Nach langer Zeit habe ich mich dazu durchgerungen, mir ein neues Autoradio zu kaufen. Wenn man immer noch mit einem Kassettendeck und einer Adapterkassette für den MP3 Player herumhantieren muss ist das nur zu verständlich. Also habe ich mir ein neues Autoradio mit Freisprecheinrichtung, Bluetooth, USB und allem möglichen Schnickschnack zugelegt, um mal wieder auf dem neusten Stand der Technik zu sein. Auch die Displayfarbe lässt sich an meine bisherigen Instrumente im Auto anpassen und ich bin eigentlich ganz zufrieden mit dem Radio bis auf das eigentliche Display.

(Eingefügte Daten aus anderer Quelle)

(* Let $A\in\mathbb{R}^{n\times n}$ and $B\in\mathbb{R}^{n\times m}$ with $\rho(|A|)<1$, and let $T$ be a positive integer. Let $i,j\in\{1,\dots,n\}$, $i\neq j$, and $w\in\mathbb{R}$ be such that $\rho(|A|+|w|e_je_i^{\top})<1$. Then $$\log\det(\mathcal{W}_A)\le\sigma n\log\Big(\frac{\operatorname{tr}(\mathcal{W}_A)}{n^{1/\sigma}}\Big)\le\sigma n\log\Big(\frac{\operatorname{tr}(\mathcal{H}_{\mathcal{X}})}{n^{1/\sigma}}\Big),$$ with $\sigma=1$ if $\operatorname{tr}(\mathcal{W}_A)\le1$ and $\sigma=2$ if $\operatorname{tr}(\mathcal{W}_A)>1$; and, with $\tau=(1+\alpha\beta)\operatorname{tr}(\mathcal{H}_{\mathcal{X}})+\alpha^2\gamma\bar\gamma$, $$\log\det(\mathcal{W}_{A+we_je_i^{\top}})\le\sigma n\log\Big(\frac{\tau}{n^{1/\sigma}}\Big),$$ with $\sigma=1$ if $\tau\le1$ and $\sigma=2$ if $\tau>1$.
   Context: $|\cdot|$ is taken entrywise; $\rho$ is the spectral radius; $e_k$ is the $k$-th canonical unit vector; $\|\cdot\|$ is the Euclidean norm. For $Z\in\mathbb{R}^{n\times n}$, $\mathcal{W}_Z=\sum_{t=0}^{T-1}Z^tBB^{\top}(Z^t)^{\top}$ (the paper assumes controllability, so Gramians are positive definite). Define $\mathcal{X}=(I-|A|)^{-1}$, $\mathcal{H}_{\mathcal{X}}=\mathcal{X}|B||B|^{\top}\mathcal{X}^{\top}$, $\alpha_{pq}=\frac{|w|}{1-|w|e_p^{\top}\mathcal{X}e_q}$, $\alpha=\max_{p\neq q}\alpha_{pq}$, $\beta=\max\{\max_{p\neq q}2e_p^{\top}\mathcal{X}e_q,\ \max_{p\neq q}e_p^{\top}\mathcal{X}e_q+\max_{q}\|\mathcal{X}e_q\|\}$, $\gamma=\max_k e_k^{\top}\mathcal{X}^{\top}\mathcal{X}e_k$, $\bar\gamma=\max_k e_k^{\top}\mathcal{X}|B||B|^{\top}\mathcal{X}^{\top}e_k$. *)

From HB Require Import structures.
From mathcomp Require Import all_boot all_order all_algebra.
From mathcomp Require Import all_classical all_reals all_analysis.
From mathcomp Require Import complex.
Set Implicit Arguments. Unset Strict Implicit. Unset Printing Implicit Defensive.
Import Order.TTheory GRing.Theory Num.Theory.
Local Open Scope ring_scope.
Local Open Scope classical_set_scope.

Section Defs.
Variable R : realType.

Definition absmx (p q : nat) (M : 'M[R]_(p, q)) : 'M[R]_(p, q) :=
  map_mx (fun x => `|x|) M.

Definition spectral_radius (n : nat) (M : 'M[R]_n) : R :=
  sup [set Normc.normc z | z in
        [set z : R[i] | eigenvalue (map_mx (fun x => (x%:C)%C) M) z]].

Definition e_ (n : nat) (k : 'I_n) : 'cV[R]_n := delta_mx k 0.

Definition gramian (n m T : nat) (Z : 'M[R]_n) (B : 'M[R]_(n, m)) : 'M[R]_n :=
  \sum_(t < T) (Z ^+ t *m B *m B^T *m (Z ^+ t)^T).

(* (Z,B) controllable over horizon T: [B, ZB, ..., Z^(T-1)B] has rank n,
   i.e. the columns of the Z^t B span R^n *)
Definition controllable (n m T : nat) (Z : 'M[R]_n) (B : 'M[R]_(n, m)) : bool :=
  row_full (\sum_(t < T) <<(Z ^+ t *m B)^T>>)%MS.

Definition Xmx (n : nat) (A : 'M[R]_n) : 'M[R]_n := invmx (1%:M - absmx A).

Definition HX (n m : nat) (A : 'M[R]_n) (B : 'M[R]_(n, m)) : 'M[R]_n :=
  Xmx A *m absmx B *m (absmx B)^T *m (Xmx A)^T.

Definition Xent (n : nat) (A : 'M[R]_n) (p q : 'I_n) : R :=
  ((e_ p)^T *m Xmx A *m e_ q) ord0 ord0.

Definition alpha_pq (n : nat) (A : 'M[R]_n) (w : R) (p q : 'I_n) : R :=
  `|w| / (1 - `|w| * Xent A p q).

(* Maxima over nonempty finite index sets: the neutral element of the
   big max is chosen as one member of the set (the pair (j,i), resp. i),
   so the big operator is exactly the maximum. *)
Definition alpha (n : nat) (A : 'M[R]_n) (w : R) (i j : 'I_n) : R :=
  \big[Num.max/alpha_pq A w j i]_(pq : 'I_n * 'I_n | pq.1 != pq.2)
     alpha_pq A w pq.1 pq.2.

Irgendwie scheint man mittlerweile selbst bei Autoradios der Meinung zu sein, dass man ein Display, genau wie beim PC, nicht mehr entspiegeln müsse. Das Problem war dann, dass man tagsüber relativ schlecht das Display erkennen konnte, also musste eine Lösung her, die das Problem beseitigt.

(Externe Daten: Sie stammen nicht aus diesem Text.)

Lemma lipschitz_convex_subgradient : exists a : dual X, forall z, a z - a x <= phi z - phi x.
Proof.
have [L [LD LZ Lp]] := hahn_banach dir_deriv_sublinear.
have LN v : L (- v) = - L v by rewrite -scaleN1r LZ mulN1r.
have Lb v : `|L v| <= M * `|v|.
  rewrite ler_norml (le_trans (Lp v) (dir_deriv_le_norm v)) andbT.
  by have := le_trans (Lp (- v)) (dir_deriv_le_norm (- v)); rewrite LN normrN; lra.
have [a aL] := bounded_linear_dual M0 LD LZ Lb.
exists a => z; rewrite !aL -LN -LD.
exact: le_trans (Lp _) (dir_deriv_le_diff z).
Qed.

End DirectionalDerivative.
End Subgradient.

Section ConvexMinorant.
Variables (R : realType) (X : normedModType R).

Lemma lower_semicontinuous_ball (f : X -> \bar R) x (a : R) : lower_semicontinuous f ->
  (a%:E < f x)%E -> exists2 r : R, 0 < r & forall z, `|x - z| < r -> (a%:E < f z)%E.
Proof.
move=> lscf /lscf [V /nbhs_ballP [r r0 Vr] HV]; exists r => // z xz.
by apply/HV/Vr; rewrite -ball_normE.
Qed.

Lemma convex_lsc_lower_cone (f : X -> \bar R) y0 : lower_semicontinuous f ->
  (forall x, f x != -oo%E) -> convex_fun f -> f y0 \is a fin_num ->
  exists c0 K : R, 0 <= K /\ forall y, ((c0 - K * `|y - y0|)%:E <= f y)%E.
Proof.
move=> lscf fNy convf fy0; set a := fine (f y0).
have fy0E : f y0 = a%:E by rewrite /a fineK.
have [r r0 ball_gt] := @lower_semicontinuous_ball f y0 (a - 1) lscf
  (ltac:(by rewrite fy0E lte_fin; lra)).
exists (a - 1), (2 / r); split; first by rewrite divr_ge0 // ltW.
move=> y; set d := `|y - y0|.
have d_ge0 : 0 <= d by rewrite normr_ge0.
case: (ltP d r) => [dr|rd].
  have fy_gt : ((a - 1)%:E < f y)%E by apply: ball_gt; rewrite distrC.
  apply: le_trans (ltW fy_gt).
  have : 0 <= 2 / r * d by rewrite mulr_ge0 // divr_ge0 // ltW.
  by rewrite lee_fin; lra.
have d0 : 0 < d by exact: lt_le_trans rd.
set s := r / (2 * d).
have s0 : 0 < s by rewrite divr_gt0 ?mulr_gt0.
have s01 : 0 < s < 1 by rewrite s0 /s ltr_pdivrMr ?mulr_gt0 //; lra.
have near_y0 : `|y0 - (s *: y + (1 - s) *: y0)| < r.
  have -> : y0 - (s *: y + (1 - s) *: y0) = s *: (y0 - y).
    by rewrite scalerBl scale1r !scalerBr opprD opprB addrA addrC addrA subrK.
  rewrite normrZ gtr0_norm // distrC -/d /s.
  have -> : r / (2 * d) * d = r / 2 by field; rewrite gt_eqF.
  lra.
have := lt_le_trans (ball_gt _ near_y0) (convf y y0 s s01); rewrite fy0E.
case fyE: (f y) => [b| |]; [|by rewrite leey|by move: (fNy y); rewrite fyE].
rewrite -!EFinM -EFinD !lte_fin lee_fin => cvx.
have sK : s * (2 / r * d) = 1 by rewrite /s; field; rewrite ?mulf_neq0 ?gt_eqF.
have : s * (a - b) < s * (2 / r * d) by rewrite sK; lra.
by rewrite ltr_pM2l  //; lra.
Qed.

Definition lip_envelope (f : X -> \bar R) (M : R) (z : X) :=
  inf [set fine (f y) + M * `|z - y| | y in [set y | f y \is a fin_num]].

Section LipschitzEnvelope.
Variables (f : X -> \bar R) (y0 : X) (c0 K M : R).
Hypotheses (fy0 : f y0 \is a fin_num) (K0 : 0 <= K) (KM : K <= M)
  (f_cone : forall y, ((c0 - K * `|y - y0|)%:E <= f y)%E).

Let env_set z := [set fine (f y) + M * `|z - y| | y in [set y | f y \is a fin_num]].

Let env_lb z : lbound (env_set z) (c0 - K * `|z - y0|).
Proof.
move=> _ [y fy <-]; have cone : c0 - K * `|y - y0| <= fine (f y).
  by rewrite -lee_fin fineK.
have := ler_distD z y y0; rewrite (distrC y z) => /(ler_wpM2l K0).
have : K * `|z - y| <= M * `|z - y| by rewrite ler_wpM2r.
rewrite mulrDr; lra.
Qed.

Let env_has_inf z : has_inf (env_set z).
Proof.
split; first by exists (fine (f y0) + M * `|z - y0|), y0.
by exists (c0 - K * `|z - y0|); exact: env_lb.
Qed.

Lemma lip_envelope_le z y : f y \is a fin_num ->
  lip_envelope f M z <= fine (f y) + M * `|z - y|.
Proof. by move=> fy; apply: ge_inf; [case: (env_has_inf z)|exists y]. Qed.

Let le_lip_envelope z b :
  (forall y, f y \is a fin_num -> b <= fine (f y) + M * `|z - y|) ->
  b <= lip_envelope f M z.
Proof. by move=> H; apply: lb_le_inf; [case: (env_has_inf z)|move=> _ [y /H ? <-]]. Qed.

Lemma lip_envelope_le_fun z : ((lip_envelope f M z)%:E <= f z)%E.
Proof.
case fzE: (f z) => [b| |]; last 2 first.
- by rewrite leey.
- by have := f_cone z; rewrite fzE.
have fz : f z \is a fin_num by rewrite fzE.
by have := lip_envelope_le z fz; rewrite fzE subrr normr0 mulr0 addr0.
Qed.

Lemma lip_envelope_lipschitz : lipschitz_with M (lip_envelope f M).
Proof.
move=> z z'; suff : lip_envelope f M z - M * `|z - z'| <= lip_envelope f M z' by lra.
apply: le_lip_envelope => y fy; have := lip_envelope_le z fy.
have := ler_distD z' z y => /(ler_wpM2l (le_trans K0 KM)).
rewrite mulrDr; lra.
Qed.

Lemma lip_envelope_convex : convex_fun f -> real_convex (lip_envelope f M).
Proof.
move=> convf z1 z2 t t01; have /andP[t0 t1] := t01.
have [t_ge0 t1_ge0] : 0 <= t /\ 0 <= 1 - t by split; lra.
have M0 : 0 <= M by exact: le_trans K0 KM.
apply/ler_addgt0Pr => e e0.
have [_ [y1 fy1 <-] lt1] := inf_adherent e0 (env_has_inf z1).
have [_ [y2 fy2 <-] lt2] := inf_adherent e0 (env_has_inf z2).
set y := t *: y1 + (1 - t) *: y2.
have cvx := convf y1 y2 t t01.
rewrite -/y -(fineK fy1) -(fineK fy2) -!EFinM -EFinD in cvx.
have [fy fy_le] : f y \is a fin_num /\ fine (f y) <= t * fine (f y1) + (1 - t) * fine (f y2).
  move: cvx (f_cone y); case: (f y) => [b| |] //=; by rewrite lee_fin.
have := lip_envelope_le (t *: z1 + (1 - t) *: z2) fy.
have -> : t *: z1 + (1 - t) *: z2 - y = t *: (z1 - y1) + (1 - t) *: (z2 - y2).
  by rewrite /y !scalerBr opprD addrACA.
have := ler_normD (t *: (z1 - y1)) ((1 - t) *: (z2 - y2)).
rewrite !normrZ !ger0_norm // => /(ler_wpM2l M0).
have : t * (fine (f y1) + M * `|z1 - y1|) <= t * (lip_envelope f M z1 + e).
  by rewrite ler_wpM2l //; rewrite /lip_envelope; lra.
have : (1 - t) * (fine (f y2) + M * `|z2 - y2|) <= (1 - t) * (lip_envelope f M z2 + e).
  by rewrite ler_wpM2l //; rewrite /lip_envelope; lra.
rewrite !mulrDr !mulrA [M * t]mulrC [M * (1 - t)]mulrC; lra.
Qed.

Lemma lip_envelope_ge x C r : 0 < r ->
  (forall z, `|x - z| < r -> (C%:E < f z)%E) ->
  C - c0 + K * `|x - y0| <= (M - K) * r -> C <= lip_envelope f M x.
Proof.
move=> r0 ball_gt Mr; apply: le_lip_envelope => y fy.
have M0 : 0 <= M by exact: le_trans K0 KM.
have : 0 <= M * `|x - y| by rewrite mulr_ge0.
case: (ltP `|x - y| r) => [xy|rxy].
  have : C < fine (f y) by rewrite -lte_fin fineK // ball_gt.
  lra.
have cone : c0 - K * `|y - y0| <= fine (f y) by rewrite -lee_fin fineK.
have := ler_distD x y y0; rewrite (distrC y x) => /(ler_wpM2l K0).
have : (M - K) * r <= (M - K) * `|x - y| by rewrite ler_wpM2l // subr_ge0.
rewrite mulrDr !mulrBl; lra.
Qed.

End LipschitzEnvelope.

Lemma lsc_convex_lipschitz_minorant (f : X -> \bar R) x (C : R) :
  lower_semicontinuous f -> proper_fun f -> convex_fun f -> (C%:E < f x)%E ->
  exists (phi : X -> R) (M : R), [/\ 0 <= M, C < phi x,
    forall z, ((phi z)%:E <= f z)%E, lipschitz_with M phi & real_convex phi].
Proof.
move=> lscf [fNy [y0 fy0]] convf Cfx.
have [c0 [K [K0 cone]]] := convex_lsc_lower_cone lscf fNy convf fy0.
have [C' [CC' C'fx]] : exists C', C < C' /\ (C'%:E < f x)%E.
  move: Cfx; case: (f x) => [b| |] // Cfx.
  + by exists ((C + b) / 2); rewrite !lte_fin in Cfx *; split; lra.
  + by exists (C + 1); split; [lra|rewrite ltry].
have [r r0 ball_gt] := lower_semicontinuous_ball lscf C'fx.
set M := K + `|C' - c0 + K * `|x - y0| | / r.
have KM : K <= M by rewrite lerDl divr_ge0 // ltW.
have Mr : C' - c0 + K * `|x - y0| <= (M - K) * r.
  by rewrite /M [K + _]addrC addrK divfK ?gt_eqF // ler_norm.
exists (lip_envelope f M), M; split.
- exact: le_trans K0 KM.
- exact: lt_le_trans CC' (lip_envelope_ge fy0 K0 KM cone r0 ball_gt Mr).
- exact: lip_envelope_le_fun fy0 K0 KM cone.
- exact: lip_envelope_lipschitz fy0 K0 KM cone.
- exact: lip_envelope_convex fy0 K0 KM cone convf.
Qed.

Meine Wahl fiel dabei auf ganz einfache Displayfolie für ein Mobiltelefon – in meinem Fall die eine ‘dipos Displayschutzfolie’, die ich dann auf die Größe des Displays zugeschnitten habe. Um beim Zuschnitt der Folie möglichst genau arbeiten zu können, habe ich die Abmessungen des Displays ausgemessen und mit dem Programm Inkscape einen Rahmen gezeichnet, der genau die Abmessungen umfasst. Andere Programme, mit denen sich Rahmen mit genauen Längen- und Breitenangaben anlegen lassen, funktionieren natürlich auch. Danach nur noch schnell ausgedruckt, Displayfolie mit Klebestreifen auf dem Papier über dem Rahmen befestigt, möglichst genau ausgeschnitten und auf das Display geklebt. Das Resultat überzeugt. Zwar verliert man etwas Kontrast, dafür ist es mit der Spiegelung endgültig vorbei und man kann auch tagsüber das Display gut ablesen. Dadurch, dass ich die Folie relativ genau zugeschnitten habe, ist sie auch kaum sichtbar und fällt nur auf, wenn man ganz genau darauf achtet.

Hier ein Foto, das ich im Dunkeln aufgenommen habe:

2011-11-04 17.20.54

Ich bin jedenfalls mit dem Ergebnis sehr zufrieden.